[Stored items]

[Start of section]

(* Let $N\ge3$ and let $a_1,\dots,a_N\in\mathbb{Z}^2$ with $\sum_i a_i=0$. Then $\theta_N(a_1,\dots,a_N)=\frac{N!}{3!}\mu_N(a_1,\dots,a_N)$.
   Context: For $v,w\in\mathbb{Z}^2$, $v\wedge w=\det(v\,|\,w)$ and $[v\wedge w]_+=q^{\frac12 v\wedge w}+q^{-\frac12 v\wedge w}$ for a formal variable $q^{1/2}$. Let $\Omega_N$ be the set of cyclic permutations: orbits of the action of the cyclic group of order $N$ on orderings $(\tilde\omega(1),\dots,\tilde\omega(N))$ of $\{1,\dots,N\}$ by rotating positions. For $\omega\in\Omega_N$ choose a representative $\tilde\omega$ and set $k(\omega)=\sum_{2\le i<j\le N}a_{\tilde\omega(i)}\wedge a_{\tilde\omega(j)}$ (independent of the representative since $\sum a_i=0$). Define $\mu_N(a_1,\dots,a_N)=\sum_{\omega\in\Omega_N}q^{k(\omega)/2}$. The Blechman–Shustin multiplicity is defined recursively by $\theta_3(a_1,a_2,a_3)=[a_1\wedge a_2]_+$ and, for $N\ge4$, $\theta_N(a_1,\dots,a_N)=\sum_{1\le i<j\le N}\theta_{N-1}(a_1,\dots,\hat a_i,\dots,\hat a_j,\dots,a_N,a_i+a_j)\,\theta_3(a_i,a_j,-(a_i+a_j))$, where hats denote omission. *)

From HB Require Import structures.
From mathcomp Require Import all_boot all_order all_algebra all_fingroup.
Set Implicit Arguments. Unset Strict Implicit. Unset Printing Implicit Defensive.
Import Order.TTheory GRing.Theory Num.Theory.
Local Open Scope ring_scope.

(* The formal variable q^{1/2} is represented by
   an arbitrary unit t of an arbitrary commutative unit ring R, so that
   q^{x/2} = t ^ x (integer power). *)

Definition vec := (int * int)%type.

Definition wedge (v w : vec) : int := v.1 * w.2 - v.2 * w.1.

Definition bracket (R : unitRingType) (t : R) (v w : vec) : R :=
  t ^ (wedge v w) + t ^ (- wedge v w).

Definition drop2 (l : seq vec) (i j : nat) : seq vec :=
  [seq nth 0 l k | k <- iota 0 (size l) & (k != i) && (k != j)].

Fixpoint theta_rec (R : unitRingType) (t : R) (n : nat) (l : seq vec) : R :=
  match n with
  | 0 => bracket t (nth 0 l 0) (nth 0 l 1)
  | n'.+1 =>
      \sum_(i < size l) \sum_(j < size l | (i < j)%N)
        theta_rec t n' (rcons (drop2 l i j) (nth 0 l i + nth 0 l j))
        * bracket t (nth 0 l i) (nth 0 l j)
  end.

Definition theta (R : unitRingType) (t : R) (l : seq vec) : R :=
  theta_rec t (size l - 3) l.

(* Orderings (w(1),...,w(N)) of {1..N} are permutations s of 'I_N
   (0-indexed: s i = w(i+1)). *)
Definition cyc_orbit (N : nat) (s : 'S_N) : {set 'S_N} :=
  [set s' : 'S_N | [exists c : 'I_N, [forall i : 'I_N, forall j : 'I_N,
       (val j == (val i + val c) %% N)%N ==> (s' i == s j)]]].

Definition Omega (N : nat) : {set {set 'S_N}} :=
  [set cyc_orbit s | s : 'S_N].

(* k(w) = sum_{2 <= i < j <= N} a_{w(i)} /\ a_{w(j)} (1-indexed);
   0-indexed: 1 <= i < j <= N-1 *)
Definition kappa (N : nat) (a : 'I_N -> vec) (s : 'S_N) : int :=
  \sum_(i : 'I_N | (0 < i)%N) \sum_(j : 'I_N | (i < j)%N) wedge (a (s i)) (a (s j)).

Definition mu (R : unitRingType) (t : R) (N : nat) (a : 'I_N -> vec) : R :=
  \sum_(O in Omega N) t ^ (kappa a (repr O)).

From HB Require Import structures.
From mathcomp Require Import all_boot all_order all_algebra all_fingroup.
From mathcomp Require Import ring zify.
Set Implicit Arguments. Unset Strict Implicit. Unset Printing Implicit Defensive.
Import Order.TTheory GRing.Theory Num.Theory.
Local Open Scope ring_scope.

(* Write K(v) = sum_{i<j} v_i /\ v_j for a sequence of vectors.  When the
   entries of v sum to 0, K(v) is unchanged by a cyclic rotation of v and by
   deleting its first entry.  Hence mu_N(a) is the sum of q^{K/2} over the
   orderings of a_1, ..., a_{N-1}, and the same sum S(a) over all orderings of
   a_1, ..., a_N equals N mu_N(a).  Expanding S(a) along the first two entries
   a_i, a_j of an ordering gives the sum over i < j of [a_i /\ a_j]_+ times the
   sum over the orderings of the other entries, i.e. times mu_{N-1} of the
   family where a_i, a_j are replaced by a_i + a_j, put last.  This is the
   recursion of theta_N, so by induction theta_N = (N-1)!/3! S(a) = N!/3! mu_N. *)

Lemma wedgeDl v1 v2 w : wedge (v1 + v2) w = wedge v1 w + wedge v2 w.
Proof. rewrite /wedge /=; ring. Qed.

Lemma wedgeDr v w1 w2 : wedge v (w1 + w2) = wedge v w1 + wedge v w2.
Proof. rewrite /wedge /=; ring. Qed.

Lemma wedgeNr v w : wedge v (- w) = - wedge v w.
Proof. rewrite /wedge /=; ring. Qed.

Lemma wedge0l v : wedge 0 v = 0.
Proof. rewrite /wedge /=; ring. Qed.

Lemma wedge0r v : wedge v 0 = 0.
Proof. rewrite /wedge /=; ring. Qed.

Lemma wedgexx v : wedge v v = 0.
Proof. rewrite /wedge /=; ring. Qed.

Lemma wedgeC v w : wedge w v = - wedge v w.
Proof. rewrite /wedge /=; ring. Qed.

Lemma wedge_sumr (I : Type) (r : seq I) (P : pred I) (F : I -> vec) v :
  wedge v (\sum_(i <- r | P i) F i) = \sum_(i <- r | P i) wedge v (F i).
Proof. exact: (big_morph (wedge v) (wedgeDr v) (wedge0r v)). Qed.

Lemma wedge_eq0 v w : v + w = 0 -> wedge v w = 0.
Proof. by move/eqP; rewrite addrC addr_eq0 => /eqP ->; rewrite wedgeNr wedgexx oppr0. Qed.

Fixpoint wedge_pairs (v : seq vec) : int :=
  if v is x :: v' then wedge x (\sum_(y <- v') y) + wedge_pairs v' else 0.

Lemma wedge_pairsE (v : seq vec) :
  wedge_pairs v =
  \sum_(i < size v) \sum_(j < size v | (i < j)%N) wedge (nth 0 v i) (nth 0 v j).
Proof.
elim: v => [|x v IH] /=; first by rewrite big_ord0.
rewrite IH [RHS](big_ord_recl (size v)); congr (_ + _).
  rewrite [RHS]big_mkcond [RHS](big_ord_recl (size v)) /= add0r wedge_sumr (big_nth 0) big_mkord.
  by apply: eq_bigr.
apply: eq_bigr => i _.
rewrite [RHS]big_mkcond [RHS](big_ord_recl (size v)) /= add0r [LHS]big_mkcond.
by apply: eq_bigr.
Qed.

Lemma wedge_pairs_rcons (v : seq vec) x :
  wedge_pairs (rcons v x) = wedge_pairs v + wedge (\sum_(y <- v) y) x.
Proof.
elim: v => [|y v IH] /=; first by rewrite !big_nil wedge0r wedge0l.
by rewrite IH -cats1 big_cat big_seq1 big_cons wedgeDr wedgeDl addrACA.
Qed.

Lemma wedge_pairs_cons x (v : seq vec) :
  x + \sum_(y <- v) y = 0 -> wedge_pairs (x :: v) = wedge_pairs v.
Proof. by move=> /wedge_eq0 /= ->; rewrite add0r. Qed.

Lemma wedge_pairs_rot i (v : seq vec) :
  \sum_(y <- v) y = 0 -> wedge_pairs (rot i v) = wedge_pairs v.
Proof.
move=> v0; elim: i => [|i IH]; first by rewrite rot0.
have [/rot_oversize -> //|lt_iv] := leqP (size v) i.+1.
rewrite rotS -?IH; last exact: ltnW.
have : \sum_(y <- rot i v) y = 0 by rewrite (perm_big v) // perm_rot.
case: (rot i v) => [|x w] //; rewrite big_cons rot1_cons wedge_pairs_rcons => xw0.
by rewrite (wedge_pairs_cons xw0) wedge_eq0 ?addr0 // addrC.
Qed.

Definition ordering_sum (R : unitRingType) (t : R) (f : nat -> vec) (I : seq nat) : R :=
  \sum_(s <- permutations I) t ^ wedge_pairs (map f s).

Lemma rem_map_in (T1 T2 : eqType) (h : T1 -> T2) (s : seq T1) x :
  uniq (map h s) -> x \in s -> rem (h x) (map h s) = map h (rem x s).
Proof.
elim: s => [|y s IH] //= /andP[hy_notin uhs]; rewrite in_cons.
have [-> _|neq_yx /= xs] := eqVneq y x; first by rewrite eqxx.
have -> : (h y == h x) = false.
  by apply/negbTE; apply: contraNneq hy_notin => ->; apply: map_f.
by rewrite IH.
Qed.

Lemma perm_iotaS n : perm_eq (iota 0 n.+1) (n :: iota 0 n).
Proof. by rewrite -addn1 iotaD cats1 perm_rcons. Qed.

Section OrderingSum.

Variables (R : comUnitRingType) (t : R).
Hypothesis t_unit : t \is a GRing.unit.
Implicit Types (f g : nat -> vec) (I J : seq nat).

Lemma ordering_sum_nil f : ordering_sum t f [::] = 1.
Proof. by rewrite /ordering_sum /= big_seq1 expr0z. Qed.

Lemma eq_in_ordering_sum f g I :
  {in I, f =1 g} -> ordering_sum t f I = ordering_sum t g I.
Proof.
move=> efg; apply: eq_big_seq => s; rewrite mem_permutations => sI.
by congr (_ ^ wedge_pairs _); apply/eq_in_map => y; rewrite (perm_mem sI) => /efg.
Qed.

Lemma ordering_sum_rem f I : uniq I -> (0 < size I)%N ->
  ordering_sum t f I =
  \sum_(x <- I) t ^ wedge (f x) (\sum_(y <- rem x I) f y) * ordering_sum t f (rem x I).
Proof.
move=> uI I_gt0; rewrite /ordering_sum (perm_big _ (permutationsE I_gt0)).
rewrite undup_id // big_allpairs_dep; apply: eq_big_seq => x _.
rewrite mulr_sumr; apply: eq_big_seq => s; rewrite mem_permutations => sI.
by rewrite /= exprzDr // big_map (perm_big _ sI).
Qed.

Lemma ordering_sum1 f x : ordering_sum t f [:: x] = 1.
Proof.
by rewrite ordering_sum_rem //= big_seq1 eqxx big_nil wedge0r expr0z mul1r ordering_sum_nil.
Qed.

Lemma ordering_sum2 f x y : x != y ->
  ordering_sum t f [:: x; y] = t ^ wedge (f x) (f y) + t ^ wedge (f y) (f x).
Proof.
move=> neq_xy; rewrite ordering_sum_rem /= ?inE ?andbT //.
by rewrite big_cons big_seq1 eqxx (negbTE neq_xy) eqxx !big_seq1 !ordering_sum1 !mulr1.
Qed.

[End of section]
[Start of section]

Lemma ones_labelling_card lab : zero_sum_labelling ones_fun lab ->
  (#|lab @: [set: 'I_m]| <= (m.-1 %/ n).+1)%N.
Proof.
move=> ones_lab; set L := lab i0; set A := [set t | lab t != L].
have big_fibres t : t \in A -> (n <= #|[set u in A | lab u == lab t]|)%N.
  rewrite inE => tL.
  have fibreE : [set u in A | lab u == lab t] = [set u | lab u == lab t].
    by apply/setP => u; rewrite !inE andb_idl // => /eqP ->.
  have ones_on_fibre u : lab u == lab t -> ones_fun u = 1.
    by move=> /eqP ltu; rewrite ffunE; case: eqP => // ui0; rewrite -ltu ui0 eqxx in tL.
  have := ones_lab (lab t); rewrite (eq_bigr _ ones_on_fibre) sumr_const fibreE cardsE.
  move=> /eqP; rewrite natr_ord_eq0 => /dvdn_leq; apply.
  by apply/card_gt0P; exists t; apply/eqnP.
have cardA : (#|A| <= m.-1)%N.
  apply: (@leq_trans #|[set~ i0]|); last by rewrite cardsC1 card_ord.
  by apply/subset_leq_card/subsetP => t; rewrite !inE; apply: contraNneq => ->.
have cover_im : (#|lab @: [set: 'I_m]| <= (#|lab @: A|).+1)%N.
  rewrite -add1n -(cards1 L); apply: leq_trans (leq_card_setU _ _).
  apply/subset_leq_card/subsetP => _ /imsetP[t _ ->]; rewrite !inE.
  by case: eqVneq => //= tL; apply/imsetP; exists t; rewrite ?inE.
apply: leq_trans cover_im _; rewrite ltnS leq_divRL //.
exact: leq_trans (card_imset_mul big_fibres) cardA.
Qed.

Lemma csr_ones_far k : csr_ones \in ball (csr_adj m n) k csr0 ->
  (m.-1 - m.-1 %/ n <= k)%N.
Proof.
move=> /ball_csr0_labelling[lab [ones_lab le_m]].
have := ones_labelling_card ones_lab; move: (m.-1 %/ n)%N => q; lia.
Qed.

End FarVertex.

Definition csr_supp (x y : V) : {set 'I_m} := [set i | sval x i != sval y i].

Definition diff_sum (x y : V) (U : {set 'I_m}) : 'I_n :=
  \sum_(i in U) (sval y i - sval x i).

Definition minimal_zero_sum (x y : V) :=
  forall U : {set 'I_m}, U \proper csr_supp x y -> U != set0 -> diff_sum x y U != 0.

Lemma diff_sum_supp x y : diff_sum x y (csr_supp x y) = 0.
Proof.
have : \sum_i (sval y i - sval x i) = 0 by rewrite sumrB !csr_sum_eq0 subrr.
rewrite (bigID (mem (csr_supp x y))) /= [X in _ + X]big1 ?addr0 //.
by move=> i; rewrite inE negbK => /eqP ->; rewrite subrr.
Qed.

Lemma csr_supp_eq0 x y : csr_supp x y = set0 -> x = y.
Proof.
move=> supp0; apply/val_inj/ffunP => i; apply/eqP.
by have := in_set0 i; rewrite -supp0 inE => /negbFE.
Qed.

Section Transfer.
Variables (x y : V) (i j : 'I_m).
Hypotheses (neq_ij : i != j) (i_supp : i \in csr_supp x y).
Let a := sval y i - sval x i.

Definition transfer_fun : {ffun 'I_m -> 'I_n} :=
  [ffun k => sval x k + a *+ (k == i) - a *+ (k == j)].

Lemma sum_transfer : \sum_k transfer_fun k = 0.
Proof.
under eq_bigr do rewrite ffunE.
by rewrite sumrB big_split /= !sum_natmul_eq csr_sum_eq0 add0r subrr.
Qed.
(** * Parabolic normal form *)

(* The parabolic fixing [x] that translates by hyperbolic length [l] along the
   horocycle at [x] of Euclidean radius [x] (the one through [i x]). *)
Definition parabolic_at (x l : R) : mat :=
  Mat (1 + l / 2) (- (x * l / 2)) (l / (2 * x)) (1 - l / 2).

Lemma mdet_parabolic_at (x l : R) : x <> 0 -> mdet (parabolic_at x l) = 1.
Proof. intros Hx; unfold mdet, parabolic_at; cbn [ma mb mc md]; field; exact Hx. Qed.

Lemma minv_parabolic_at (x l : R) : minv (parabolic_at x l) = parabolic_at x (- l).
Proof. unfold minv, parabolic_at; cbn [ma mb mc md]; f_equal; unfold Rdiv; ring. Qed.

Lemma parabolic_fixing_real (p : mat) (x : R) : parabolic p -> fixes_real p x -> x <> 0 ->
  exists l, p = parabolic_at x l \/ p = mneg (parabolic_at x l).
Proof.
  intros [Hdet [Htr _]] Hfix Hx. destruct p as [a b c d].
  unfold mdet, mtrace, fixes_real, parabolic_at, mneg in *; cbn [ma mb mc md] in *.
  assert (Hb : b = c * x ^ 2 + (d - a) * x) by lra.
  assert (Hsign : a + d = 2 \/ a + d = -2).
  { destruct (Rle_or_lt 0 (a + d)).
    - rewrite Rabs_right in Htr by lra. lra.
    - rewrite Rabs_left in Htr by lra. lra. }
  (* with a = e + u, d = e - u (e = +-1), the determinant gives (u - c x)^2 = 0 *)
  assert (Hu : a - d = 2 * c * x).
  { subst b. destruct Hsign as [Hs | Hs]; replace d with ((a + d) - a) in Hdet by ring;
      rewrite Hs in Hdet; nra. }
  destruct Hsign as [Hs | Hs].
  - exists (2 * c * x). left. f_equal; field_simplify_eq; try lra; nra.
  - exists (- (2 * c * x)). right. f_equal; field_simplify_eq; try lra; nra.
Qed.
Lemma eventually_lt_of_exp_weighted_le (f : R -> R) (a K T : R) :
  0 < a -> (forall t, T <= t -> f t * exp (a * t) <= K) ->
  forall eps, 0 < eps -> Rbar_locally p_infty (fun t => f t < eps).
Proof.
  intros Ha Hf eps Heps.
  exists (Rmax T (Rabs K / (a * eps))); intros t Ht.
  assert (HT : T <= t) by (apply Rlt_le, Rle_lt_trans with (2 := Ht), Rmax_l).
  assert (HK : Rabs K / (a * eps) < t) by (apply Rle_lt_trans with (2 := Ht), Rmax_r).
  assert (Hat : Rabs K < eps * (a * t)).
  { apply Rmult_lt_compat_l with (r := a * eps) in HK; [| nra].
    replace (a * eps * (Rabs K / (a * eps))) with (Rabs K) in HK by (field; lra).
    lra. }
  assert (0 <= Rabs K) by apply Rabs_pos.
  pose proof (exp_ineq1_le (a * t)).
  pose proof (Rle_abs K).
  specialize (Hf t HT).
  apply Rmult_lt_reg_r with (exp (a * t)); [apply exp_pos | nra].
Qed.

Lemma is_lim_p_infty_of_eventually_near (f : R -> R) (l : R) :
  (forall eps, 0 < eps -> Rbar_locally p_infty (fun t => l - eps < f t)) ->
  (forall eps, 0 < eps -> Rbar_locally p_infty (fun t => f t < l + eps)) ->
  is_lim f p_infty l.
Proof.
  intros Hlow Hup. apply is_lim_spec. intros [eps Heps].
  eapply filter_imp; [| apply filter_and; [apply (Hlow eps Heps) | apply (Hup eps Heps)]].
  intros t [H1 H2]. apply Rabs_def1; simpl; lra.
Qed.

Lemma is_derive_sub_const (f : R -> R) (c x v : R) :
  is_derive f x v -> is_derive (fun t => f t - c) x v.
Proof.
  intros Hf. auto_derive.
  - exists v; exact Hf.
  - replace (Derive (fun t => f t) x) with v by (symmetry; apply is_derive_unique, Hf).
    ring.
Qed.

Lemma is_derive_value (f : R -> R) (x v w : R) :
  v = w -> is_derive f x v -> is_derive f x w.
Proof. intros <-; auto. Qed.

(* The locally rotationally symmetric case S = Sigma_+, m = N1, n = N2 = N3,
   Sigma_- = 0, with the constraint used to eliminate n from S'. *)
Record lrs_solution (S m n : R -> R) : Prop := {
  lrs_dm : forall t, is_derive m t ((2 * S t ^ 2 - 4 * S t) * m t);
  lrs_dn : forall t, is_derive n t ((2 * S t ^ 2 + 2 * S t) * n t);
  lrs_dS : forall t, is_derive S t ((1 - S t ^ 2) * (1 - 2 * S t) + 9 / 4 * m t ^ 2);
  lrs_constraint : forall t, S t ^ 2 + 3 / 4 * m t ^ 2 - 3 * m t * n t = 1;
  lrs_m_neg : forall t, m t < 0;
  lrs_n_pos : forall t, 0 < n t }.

[End of section]
[Start of section]

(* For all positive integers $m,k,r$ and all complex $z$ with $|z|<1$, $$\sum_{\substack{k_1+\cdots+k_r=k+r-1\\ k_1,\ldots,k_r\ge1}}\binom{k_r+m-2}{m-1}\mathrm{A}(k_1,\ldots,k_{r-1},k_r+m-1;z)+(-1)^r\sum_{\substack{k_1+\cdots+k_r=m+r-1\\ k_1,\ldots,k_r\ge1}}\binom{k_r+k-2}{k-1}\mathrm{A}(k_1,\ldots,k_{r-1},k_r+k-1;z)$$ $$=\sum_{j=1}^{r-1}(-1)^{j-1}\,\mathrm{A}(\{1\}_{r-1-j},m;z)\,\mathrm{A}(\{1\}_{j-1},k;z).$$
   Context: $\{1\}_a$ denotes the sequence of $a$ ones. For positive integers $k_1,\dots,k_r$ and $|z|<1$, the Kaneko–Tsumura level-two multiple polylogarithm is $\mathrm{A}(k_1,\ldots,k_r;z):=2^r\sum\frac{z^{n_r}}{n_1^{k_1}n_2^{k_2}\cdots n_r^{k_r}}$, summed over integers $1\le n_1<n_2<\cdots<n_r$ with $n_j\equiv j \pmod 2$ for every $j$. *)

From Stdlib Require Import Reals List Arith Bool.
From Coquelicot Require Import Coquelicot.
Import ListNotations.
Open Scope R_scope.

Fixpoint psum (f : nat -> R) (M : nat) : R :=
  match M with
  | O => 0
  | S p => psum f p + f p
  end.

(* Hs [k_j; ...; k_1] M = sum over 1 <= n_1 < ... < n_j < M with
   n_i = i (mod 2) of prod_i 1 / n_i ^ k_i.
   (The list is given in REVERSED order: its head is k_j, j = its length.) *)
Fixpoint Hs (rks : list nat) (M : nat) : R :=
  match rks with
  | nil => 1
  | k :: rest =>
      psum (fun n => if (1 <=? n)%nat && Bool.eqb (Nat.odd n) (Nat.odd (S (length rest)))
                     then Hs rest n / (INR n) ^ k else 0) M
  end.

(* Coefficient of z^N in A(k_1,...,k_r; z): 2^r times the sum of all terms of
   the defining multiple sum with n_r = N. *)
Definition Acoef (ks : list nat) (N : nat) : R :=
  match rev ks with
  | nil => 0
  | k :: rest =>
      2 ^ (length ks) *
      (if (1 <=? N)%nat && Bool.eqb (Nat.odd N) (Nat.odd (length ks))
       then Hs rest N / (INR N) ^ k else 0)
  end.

[End of section]

Exercise description:
Transcribe the records above from the line holding "Fixpoint Hs (rks" down to the line holding "(* Coefficient of", inclusive, without adding anything.

Solution to this task:
Fixpoint Hs (rks : list nat) (M : nat) : R :=
  match rks with
  | nil => 1
  | k :: rest =>
      psum (fun n => if (1 <=? n)%nat && Bool.eqb (Nat.odd n) (Nat.odd (S (length rest)))
                     then Hs rest n / (INR n) ^ k else 0) M
  end.

(* Coefficient of z^N in A(k_1,...,k_r; z): 2^r times the sum of all terms of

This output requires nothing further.